* _What the exercise asks_
All of the data below is to be written out again exactly.

(Stored items)
..........

(* If $Q$ is a Jordan loop and $x\in Q$, then $(x^{2^n})^{-1}=(x^{-1})^{2^n}$ for every integer $n\ge 0$.
   Context: A loop is a set $Q$ with a binary operation (juxtaposition) and neutral element $e$ such that for all $a,b$ the equations $ax=b$, $ya=b$ have unique solutions. A Jordan loop is a commutative loop satisfying $x^2(yx)=(x^2y)x$. For $y\in Q$ and $k\ge 0$, $y^k$ denotes the right-associated product $y(y(\cdots(ye)\cdots))$ with $k$ factors $y$. Since the loop is commutative, each $x$ has a unique inverse $x^{-1}$ with $xx^{-1}=x^{-1}x=e$. *)

From Stdlib Require Import ClassicalEpsilon.

Record loop := Loop {
  carrier :> Type;
  lop : carrier -> carrier -> carrier;
  le : carrier;
  lop_e_l : forall x, lop le x = x;
  lop_e_r : forall x, lop x le = x;
  ldiv_unique : forall a b : carrier, exists! x, lop a x = b;
  rdiv_unique : forall a b : carrier, exists! y, lop y a = b
}.

Definition jordan_loop (Q : loop) : Prop :=
  (forall x y : Q, lop Q x y = lop Q y x) /\
  (forall x y : Q,
     lop Q (lop Q x x) (lop Q y x) = lop Q (lop Q (lop Q x x) y) x).

Fixpoint lpow (Q : loop) (k : nat) (y : Q) : Q :=
  match k with
  | O => le Q
  | S k' => lop Q y (lpow Q k' y)
  end.

Lemma ex_of_uniq {A} (P : A -> Prop) : (exists! x, P x) -> exists x, P x.
Proof. intros [x [H _]]; exists x; exact H. Qed.

(* x^{-1}: the unique solution of x z = e (two-sided in a commutative loop). *)
Definition linv (Q : loop) (x : Q) : Q :=
  proj1_sig (constructive_indefinite_description _
    (ex_of_uniq _ (ldiv_unique Q x (le Q)))).

Lemma linv_spec (Q : loop) (x : Q) : lop Q x (linv Q x) = le Q.
Proof. unfold linv. destruct constructive_indefinite_description; auto. Qed.

(* In a Jordan loop, [a b = e] forces [a^2 b = a] (cancel [a] on the right of
   the Jordan identity), and applying this twice shows that the inverse of
   [a^2] is [(a^-1)^2].  The Jordan identity also lets [a^2] commute past a
   factor [a], so [(a^2)^j = a^(2j)]; induction on [n] then squares both sides
   of the claim. *)
From Stdlib Require Import Lia PeanoNat.

Section LoopCancellation.
Variable Q : loop.
Notation "a * b" := (lop Q a b).

Lemma lop_rcancel (a y1 y2 : Q) : y1 * a = y2 * a -> y1 = y2.
Proof.
  intros Heq. destruct (rdiv_unique Q a (y1 * a)) as [y [_ Huniq]].
  rewrite <- (Huniq y1 eq_refl). apply Huniq. now symmetry.
Qed.

Lemma linv_unique (a z : Q) : a * z = le Q -> z = linv Q a.
Proof.
  intros Haz. destruct (ldiv_unique Q a (le Q)) as [y [_ Huniq]].
  rewrite <- (Huniq z Haz). apply Huniq. apply linv_spec.
Qed.

End LoopCancellation.

Section JordanLoop.
Variable Q : loop.
Hypothesis HJ : jordan_loop Q.
Notation "a * b" := (lop Q a b).

Lemma lopC (a b : Q) : a * b = b * a.
Proof. exact (proj1 HJ a b). Qed.

Lemma jordan_id (a y : Q) : (a * a) * (y * a) = ((a * a) * y) * a.
Proof. exact (proj2 HJ a y). Qed.

Lemma sq_mul_of_mul_e (a b : Q) : a * b = le Q -> (a * a) * b = a.
Proof.
  intros Hab. apply (lop_rcancel Q a). rewrite <- jordan_id.
  now rewrite (lopC b a), Hab, lop_e_r.
Qed.

Lemma linv_sq (a : Q) : linv Q (a * a) = linv Q a * linv Q a.
Proof.
  set (u := linv Q a).
  assert (Hau : a * u = le Q) by apply linv_spec.
  assert (Hua : u * a = le Q) by now rewrite lopC.
  symmetry. apply linv_unique. rewrite lopC.
  apply (lop_rcancel Q u). rewrite lop_e_l, <- jordan_id.
  rewrite (sq_mul_of_mul_e a u Hau). exact (sq_mul_of_mul_e u a Hua).
Qed.

Lemma sq_mul_mulC (a y : Q) : (a * a) * (a * y) = a * ((a * a) * y).
Proof. rewrite (lopC a y), jordan_id. apply lopC. Qed.

Lemma sq_mul_lpow (a : Q) (j : nat) : (a * a) * lpow Q j a = lpow Q (S (S j)) a.
Proof.
  induction j as [|j IH]; simpl.
  - now rewrite !lop_e_r.
  - rewrite sq_mul_mulC. simpl in IH. now rewrite IH.
Qed.

Lemma lpow_sq (a : Q) (j : nat) : lpow Q j (a * a) = lpow Q (Nat.mul 2 j) a.
Proof.
  induction j as [|j IH]; [reflexivity|].
  replace (Nat.mul 2 (S j)) with (S (S (Nat.mul 2 j))) by lia.
  simpl lpow at 1. now rewrite IH, sq_mul_lpow.
Qed.

End JordanLoop.

Theorem lemma2p6 (Q : loop) (HJ : jordan_loop Q) (x : Q) (n : nat) :
  linv Q (lpow Q (Nat.pow 2 n) x) = lpow Q (Nat.pow 2 n) (linv Q x).
Proof.
  revert x; induction n as [|n IH]; intros x.
  - simpl. now rewrite !lop_e_r.
  - rewrite Nat.pow_succ_r', <- !(lpow_sq Q HJ).
    now rewrite IH, (linv_sq Q HJ).
Qed.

..........

* _Response below_
(* If $Q$ is a Jordan loop and $x\in Q$, then $(x^{2^n})^{-1}=(x^{-1})^{2^n}$ for every integer $n\ge 0$.
   Context: A loop is a set $Q$ with a binary operation (juxtaposition) and neutral element $e$ such that for all $a,b$ the equations $ax=b$, $ya=b$ have unique solutions. A Jordan loop is a commutative loop satisfying $x^2(yx)=(x^2y)x$. For $y\in Q$ and $k\ge 0$, $y^k$ denotes the right-associated product $y(y(\cdots(ye)\cdots))$ with $k$ factors $y$. Since the loop is commutative, each $x$ has a unique inverse $x^{-1}$ with $xx^{-1}=x^{-1}x=e$. *)

From Stdlib Require Import ClassicalEpsilon.

Record loop := Loop {
  carrier :> Type;
  lop : carrier -> carrier -> carrier;
  le : carrier;
  lop_e_l : forall x, lop le x = x;
  lop_e_r : forall x, lop x le = x;
  ldiv_unique : forall a b : carrier, exists! x, lop a x = b;
  rdiv_unique : forall a b : carrier, exists! y, lop y a = b
}.

Definition jordan_loop (Q : loop) : Prop :=
  (forall x y : Q, lop Q x y = lop Q y x) /\
  (forall x y : Q,
     lop Q (lop Q x x) (lop Q y x) = lop Q (lop Q (lop Q x x) y) x).

Fixpoint lpow (Q : loop) (k : nat) (y : Q) : Q :=
  match k with
  | O => le Q
  | S k' => lop Q y (lpow Q k' y)
  end.

Lemma ex_of_uniq {A} (P : A -> Prop) : (exists! x, P x) -> exists x, P x.
Proof. intros [x [H _]]; exists x; exact H. Qed.

(* x^{-1}: the unique solution of x z = e (two-sided in a commutative loop). *)
Definition linv (Q : loop) (x : Q) : Q :=
  proj1_sig (constructive_indefinite_description _
    (ex_of_uniq _ (ldiv_unique Q x (le Q)))).

Lemma linv_spec (Q : loop) (x : Q) : lop Q x (linv Q x) = le Q.
Proof. unfold linv. destruct constructive_indefinite_description; auto. Qed.

(* In a Jordan loop, [a b = e] forces [a^2 b = a] (cancel [a] on the right of
   the Jordan identity), and applying this twice shows that the inverse of
   [a^2] is [(a^-1)^2].  The Jordan identity also lets [a^2] commute past a
   factor [a], so [(a^2)^j = a^(2j)]; induction on [n] then squares both sides
   of the claim. *)
From Stdlib Require Import Lia PeanoNat.

Section LoopCancellation.
Variable Q : loop.
Notation "a * b" := (lop Q a b).

Lemma lop_rcancel (a y1 y2 : Q) : y1 * a = y2 * a -> y1 = y2.
Proof.
  intros Heq. destruct (rdiv_unique Q a (y1 * a)) as [y [_ Huniq]].
  rewrite <- (Huniq y1 eq_refl). apply Huniq. now symmetry.
Qed.

Lemma linv_unique (a z : Q) : a * z = le Q -> z = linv Q a.
Proof.
  intros Haz. destruct (ldiv_unique Q a (le Q)) as [y [_ Huniq]].
  rewrite <- (Huniq z Haz). apply Huniq. apply linv_spec.
Qed.

End LoopCancellation.

Section JordanLoop.
Variable Q : loop.
Hypothesis HJ : jordan_loop Q.
Notation "a * b" := (lop Q a b).

Lemma lopC (a b : Q) : a * b = b * a.
Proof. exact (proj1 HJ a b). Qed.

Lemma jordan_id (a y : Q) : (a * a) * (y * a) = ((a * a) * y) * a.
Proof. exact (proj2 HJ a y). Qed.

Lemma sq_mul_of_mul_e (a b : Q) : a * b = le Q -> (a * a) * b = a.
Proof.
  intros Hab. apply (lop_rcancel Q a). rewrite <- jordan_id.
  now rewrite (lopC b a), Hab, lop_e_r.
Qed.

Lemma linv_sq (a : Q) : linv Q (a * a) = linv Q a * linv Q a.
Proof.
  set (u := linv Q a).
  assert (Hau : a * u = le Q) by apply linv_spec.
  assert (Hua : u * a = le Q) by now rewrite lopC.
  symmetry. apply linv_unique. rewrite lopC.
  apply (lop_rcancel Q u). rewrite lop_e_l, <- jordan_id.
  rewrite (sq_mul_of_mul_e a u Hau). exact (sq_mul_of_mul_e u a Hua).
Qed.

Lemma sq_mul_mulC (a y : Q) : (a * a) * (a * y) = a * ((a * a) * y).
Proof. rewrite (lopC a y), jordan_id. apply lopC. Qed.

Lemma sq_mul_lpow (a : Q) (j : nat) : (a * a) * lpow Q j a = lpow Q (S (S j)) a.
Proof.
  induction j as [|j IH]; simpl.
  - now rewrite !lop_e_r.
  - rewrite sq_mul_mulC. simpl in IH. now rewrite IH.
Qed.

Lemma lpow_sq (a : Q) (j : nat) : lpow Q j (a * a) = lpow Q (Nat.mul 2 j) a.
Proof.
  induction j as [|j IH]; [reflexivity|].
  replace (Nat.mul 2 (S j)) with (S (S (Nat.mul 2 j))) by lia.
  simpl lpow at 1. now rewrite IH, sq_mul_lpow.
Qed.

End JordanLoop.

Theorem lemma2p6 (Q : loop) (HJ : jordan_loop Q) (x : Q) (n : nat) :
  linv Q (lpow Q (Nat.pow 2 n) x) = lpow Q (Nat.pow 2 n) (linv Q x).
Proof.
  revert x; induction n as [|n IH]; intros x.
  - simpl. now rewrite !lop_e_r.
  - rewrite Nat.pow_succ_r', <- !(lpow_sq Q HJ).
    now rewrite IH, (linv_sq Q HJ).
Qed.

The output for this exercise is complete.